> _Data_:
········
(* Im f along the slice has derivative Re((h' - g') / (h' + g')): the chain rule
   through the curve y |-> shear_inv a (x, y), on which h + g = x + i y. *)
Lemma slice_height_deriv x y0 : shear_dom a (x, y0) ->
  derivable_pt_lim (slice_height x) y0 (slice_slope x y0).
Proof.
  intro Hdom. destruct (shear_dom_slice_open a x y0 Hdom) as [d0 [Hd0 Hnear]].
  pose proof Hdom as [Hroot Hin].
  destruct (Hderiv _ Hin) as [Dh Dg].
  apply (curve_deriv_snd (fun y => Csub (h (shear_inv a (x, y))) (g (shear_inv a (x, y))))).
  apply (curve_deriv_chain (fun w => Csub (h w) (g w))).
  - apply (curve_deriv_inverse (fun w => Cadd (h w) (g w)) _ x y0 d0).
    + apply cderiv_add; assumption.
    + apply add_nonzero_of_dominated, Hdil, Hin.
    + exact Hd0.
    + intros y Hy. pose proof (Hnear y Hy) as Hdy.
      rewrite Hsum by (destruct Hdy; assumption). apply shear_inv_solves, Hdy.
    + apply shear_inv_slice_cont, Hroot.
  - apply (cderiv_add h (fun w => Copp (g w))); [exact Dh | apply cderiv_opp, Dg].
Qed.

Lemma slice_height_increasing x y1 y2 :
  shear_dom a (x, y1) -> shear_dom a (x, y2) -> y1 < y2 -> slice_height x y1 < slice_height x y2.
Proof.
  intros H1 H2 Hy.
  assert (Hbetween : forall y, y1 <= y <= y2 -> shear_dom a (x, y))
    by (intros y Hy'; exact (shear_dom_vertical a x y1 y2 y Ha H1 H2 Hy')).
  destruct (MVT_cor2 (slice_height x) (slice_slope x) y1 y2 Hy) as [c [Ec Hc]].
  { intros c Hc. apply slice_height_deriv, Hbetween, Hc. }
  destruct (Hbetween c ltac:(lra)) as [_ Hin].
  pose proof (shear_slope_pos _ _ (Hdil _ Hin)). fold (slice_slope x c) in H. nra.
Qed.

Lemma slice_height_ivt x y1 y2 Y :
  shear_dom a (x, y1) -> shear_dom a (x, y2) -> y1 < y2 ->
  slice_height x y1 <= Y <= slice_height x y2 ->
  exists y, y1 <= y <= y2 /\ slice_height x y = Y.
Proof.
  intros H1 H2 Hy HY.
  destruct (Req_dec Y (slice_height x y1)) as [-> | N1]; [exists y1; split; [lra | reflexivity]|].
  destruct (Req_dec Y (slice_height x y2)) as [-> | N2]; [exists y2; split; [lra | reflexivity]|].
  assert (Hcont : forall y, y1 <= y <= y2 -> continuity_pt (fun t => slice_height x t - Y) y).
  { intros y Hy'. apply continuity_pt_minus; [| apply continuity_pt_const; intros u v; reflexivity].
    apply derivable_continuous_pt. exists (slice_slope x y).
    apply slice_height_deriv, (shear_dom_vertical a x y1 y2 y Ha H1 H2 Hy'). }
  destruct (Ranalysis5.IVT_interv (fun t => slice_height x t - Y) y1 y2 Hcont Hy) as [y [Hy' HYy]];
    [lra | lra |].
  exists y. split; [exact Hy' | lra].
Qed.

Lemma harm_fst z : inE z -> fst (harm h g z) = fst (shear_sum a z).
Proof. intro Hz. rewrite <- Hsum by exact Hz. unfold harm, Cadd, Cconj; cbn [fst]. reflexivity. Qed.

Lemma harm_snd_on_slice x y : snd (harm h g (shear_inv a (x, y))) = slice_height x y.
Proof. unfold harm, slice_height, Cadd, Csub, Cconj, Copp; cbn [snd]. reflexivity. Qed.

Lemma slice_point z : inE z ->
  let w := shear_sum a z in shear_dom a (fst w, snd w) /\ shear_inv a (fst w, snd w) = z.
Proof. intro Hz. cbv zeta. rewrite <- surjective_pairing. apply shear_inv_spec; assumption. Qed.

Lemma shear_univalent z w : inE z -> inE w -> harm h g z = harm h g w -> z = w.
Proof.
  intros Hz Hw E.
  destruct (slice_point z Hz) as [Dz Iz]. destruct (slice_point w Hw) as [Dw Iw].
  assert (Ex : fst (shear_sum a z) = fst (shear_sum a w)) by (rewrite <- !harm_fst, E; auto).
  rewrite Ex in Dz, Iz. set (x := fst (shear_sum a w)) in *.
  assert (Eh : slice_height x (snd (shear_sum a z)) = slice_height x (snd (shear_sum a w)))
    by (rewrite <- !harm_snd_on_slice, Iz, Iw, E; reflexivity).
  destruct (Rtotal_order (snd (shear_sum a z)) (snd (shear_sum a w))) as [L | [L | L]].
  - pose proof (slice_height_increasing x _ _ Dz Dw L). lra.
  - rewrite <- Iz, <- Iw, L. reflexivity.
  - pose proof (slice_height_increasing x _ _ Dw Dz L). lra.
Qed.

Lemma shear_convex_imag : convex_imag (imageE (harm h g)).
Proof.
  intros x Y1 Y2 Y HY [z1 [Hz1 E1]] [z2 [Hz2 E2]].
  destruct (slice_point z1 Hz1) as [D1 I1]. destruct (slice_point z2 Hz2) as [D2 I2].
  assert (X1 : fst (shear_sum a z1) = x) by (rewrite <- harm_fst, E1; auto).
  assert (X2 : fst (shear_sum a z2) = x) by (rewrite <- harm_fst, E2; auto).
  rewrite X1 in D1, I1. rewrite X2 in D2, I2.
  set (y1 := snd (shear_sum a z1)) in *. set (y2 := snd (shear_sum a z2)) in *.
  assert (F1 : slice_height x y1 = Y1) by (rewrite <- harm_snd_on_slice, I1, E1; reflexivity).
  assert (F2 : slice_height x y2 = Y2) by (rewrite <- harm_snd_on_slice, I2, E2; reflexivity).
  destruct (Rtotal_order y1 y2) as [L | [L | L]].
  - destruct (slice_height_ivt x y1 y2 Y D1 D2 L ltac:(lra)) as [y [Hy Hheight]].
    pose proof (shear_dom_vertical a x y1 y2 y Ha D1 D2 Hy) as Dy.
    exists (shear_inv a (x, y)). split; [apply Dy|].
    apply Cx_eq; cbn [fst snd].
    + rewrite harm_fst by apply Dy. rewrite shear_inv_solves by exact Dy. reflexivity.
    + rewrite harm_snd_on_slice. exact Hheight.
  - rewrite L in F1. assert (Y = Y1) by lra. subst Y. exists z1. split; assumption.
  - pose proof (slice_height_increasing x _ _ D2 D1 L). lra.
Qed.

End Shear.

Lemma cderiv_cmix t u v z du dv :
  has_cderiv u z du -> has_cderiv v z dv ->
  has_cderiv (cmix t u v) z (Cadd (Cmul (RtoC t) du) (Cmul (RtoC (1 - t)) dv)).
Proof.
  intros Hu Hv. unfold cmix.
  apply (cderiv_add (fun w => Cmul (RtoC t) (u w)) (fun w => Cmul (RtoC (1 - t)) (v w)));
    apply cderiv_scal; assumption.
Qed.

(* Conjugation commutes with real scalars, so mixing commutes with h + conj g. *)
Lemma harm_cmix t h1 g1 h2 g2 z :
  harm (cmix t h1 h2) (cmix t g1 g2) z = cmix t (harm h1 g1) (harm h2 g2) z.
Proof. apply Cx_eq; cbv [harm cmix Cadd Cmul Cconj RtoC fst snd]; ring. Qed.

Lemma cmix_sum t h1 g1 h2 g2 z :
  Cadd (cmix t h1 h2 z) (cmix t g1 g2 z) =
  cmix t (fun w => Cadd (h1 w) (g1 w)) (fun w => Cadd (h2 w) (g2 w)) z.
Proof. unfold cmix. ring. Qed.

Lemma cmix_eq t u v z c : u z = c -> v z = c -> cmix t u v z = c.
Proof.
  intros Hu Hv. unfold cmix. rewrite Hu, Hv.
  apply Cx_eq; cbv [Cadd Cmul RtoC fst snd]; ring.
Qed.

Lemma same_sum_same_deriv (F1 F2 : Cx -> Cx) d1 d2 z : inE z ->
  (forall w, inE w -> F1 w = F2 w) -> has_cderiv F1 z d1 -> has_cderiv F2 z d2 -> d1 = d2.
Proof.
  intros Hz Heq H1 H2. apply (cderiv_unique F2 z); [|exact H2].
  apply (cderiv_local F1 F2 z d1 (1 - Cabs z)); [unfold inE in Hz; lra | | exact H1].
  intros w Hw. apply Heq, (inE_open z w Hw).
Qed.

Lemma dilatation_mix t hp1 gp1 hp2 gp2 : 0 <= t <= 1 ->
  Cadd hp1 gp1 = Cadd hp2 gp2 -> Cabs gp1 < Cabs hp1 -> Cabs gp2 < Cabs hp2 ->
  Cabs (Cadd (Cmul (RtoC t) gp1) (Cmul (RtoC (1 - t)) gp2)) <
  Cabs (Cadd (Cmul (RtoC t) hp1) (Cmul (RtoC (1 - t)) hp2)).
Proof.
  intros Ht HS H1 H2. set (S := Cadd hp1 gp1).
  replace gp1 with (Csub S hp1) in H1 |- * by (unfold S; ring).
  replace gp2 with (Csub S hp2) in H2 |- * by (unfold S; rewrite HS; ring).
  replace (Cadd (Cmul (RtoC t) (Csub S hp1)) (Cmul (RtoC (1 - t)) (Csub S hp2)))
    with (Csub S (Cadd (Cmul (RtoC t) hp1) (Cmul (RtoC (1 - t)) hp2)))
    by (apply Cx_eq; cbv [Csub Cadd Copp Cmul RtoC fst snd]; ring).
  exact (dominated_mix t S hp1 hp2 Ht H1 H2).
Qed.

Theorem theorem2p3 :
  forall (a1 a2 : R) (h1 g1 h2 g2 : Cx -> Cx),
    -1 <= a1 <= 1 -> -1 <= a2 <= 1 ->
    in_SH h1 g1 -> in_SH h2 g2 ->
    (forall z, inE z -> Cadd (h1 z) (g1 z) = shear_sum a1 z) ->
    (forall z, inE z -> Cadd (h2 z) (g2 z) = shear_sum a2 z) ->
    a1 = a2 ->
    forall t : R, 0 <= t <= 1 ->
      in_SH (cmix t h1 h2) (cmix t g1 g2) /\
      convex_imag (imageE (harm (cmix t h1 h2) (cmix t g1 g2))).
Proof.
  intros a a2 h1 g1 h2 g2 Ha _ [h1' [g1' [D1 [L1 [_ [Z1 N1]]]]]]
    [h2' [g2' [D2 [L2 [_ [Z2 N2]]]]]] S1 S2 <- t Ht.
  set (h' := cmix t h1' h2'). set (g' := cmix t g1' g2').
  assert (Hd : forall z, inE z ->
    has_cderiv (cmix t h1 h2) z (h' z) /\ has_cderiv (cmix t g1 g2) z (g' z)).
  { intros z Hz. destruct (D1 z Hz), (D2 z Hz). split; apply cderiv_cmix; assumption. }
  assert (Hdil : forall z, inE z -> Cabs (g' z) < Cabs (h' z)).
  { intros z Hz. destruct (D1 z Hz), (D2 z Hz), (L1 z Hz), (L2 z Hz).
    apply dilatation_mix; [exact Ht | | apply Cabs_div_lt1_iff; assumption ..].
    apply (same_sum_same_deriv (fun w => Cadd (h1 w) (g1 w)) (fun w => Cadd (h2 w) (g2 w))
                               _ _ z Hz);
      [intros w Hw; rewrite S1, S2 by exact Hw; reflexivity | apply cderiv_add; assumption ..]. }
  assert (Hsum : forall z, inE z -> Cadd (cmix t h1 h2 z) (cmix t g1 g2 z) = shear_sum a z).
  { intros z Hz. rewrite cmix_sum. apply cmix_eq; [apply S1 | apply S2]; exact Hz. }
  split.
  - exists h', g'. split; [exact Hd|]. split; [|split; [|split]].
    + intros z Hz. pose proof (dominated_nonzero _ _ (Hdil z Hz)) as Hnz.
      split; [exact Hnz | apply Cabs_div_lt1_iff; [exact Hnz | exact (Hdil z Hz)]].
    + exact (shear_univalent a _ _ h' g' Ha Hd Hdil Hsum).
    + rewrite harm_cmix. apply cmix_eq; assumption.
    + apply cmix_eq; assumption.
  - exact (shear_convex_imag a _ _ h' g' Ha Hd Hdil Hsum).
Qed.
········
> _Try it_:
Wherever the word "assert" appears in the entries above, copy that whole line.

> _Your solution_:
  assert (Hbetween : forall y, y1 <= y <= y2 -> shear_dom a (x, y))
  assert (Hcont : forall y, y1 <= y <= y2 -> continuity_pt (fun t => slice_height x t - Y) y).
  assert (Ex : fst (shear_sum a z) = fst (shear_sum a w)) by (rewrite <- !harm_fst, E; auto).
  assert (Eh : slice_height x (snd (shear_sum a z)) = slice_height x (snd (shear_sum a w)))
  assert (X1 : fst (shear_sum a z1) = x) by (rewrite <- harm_fst, E1; auto).
  assert (X2 : fst (shear_sum a z2) = x) by (rewrite <- harm_fst, E2; auto).
  assert (F1 : slice_height x y1 = Y1) by (rewrite <- harm_snd_on_slice, I1, E1; reflexivity).
  assert (F2 : slice_height x y2 = Y2) by (rewrite <- harm_snd_on_slice, I2, E2; reflexivity).
  - rewrite L in F1. assert (Y = Y1) by lra. subst Y. exists z1. split; assumption.
  assert (Hd : forall z, inE z ->
  assert (Hdil : forall z, inE z -> Cabs (g' z) < Cabs (h' z)).
  assert (Hsum : forall z, inE z -> Cadd (cmix t h1 h2 z) (cmix t g1 g2 z) = shear_sum a z).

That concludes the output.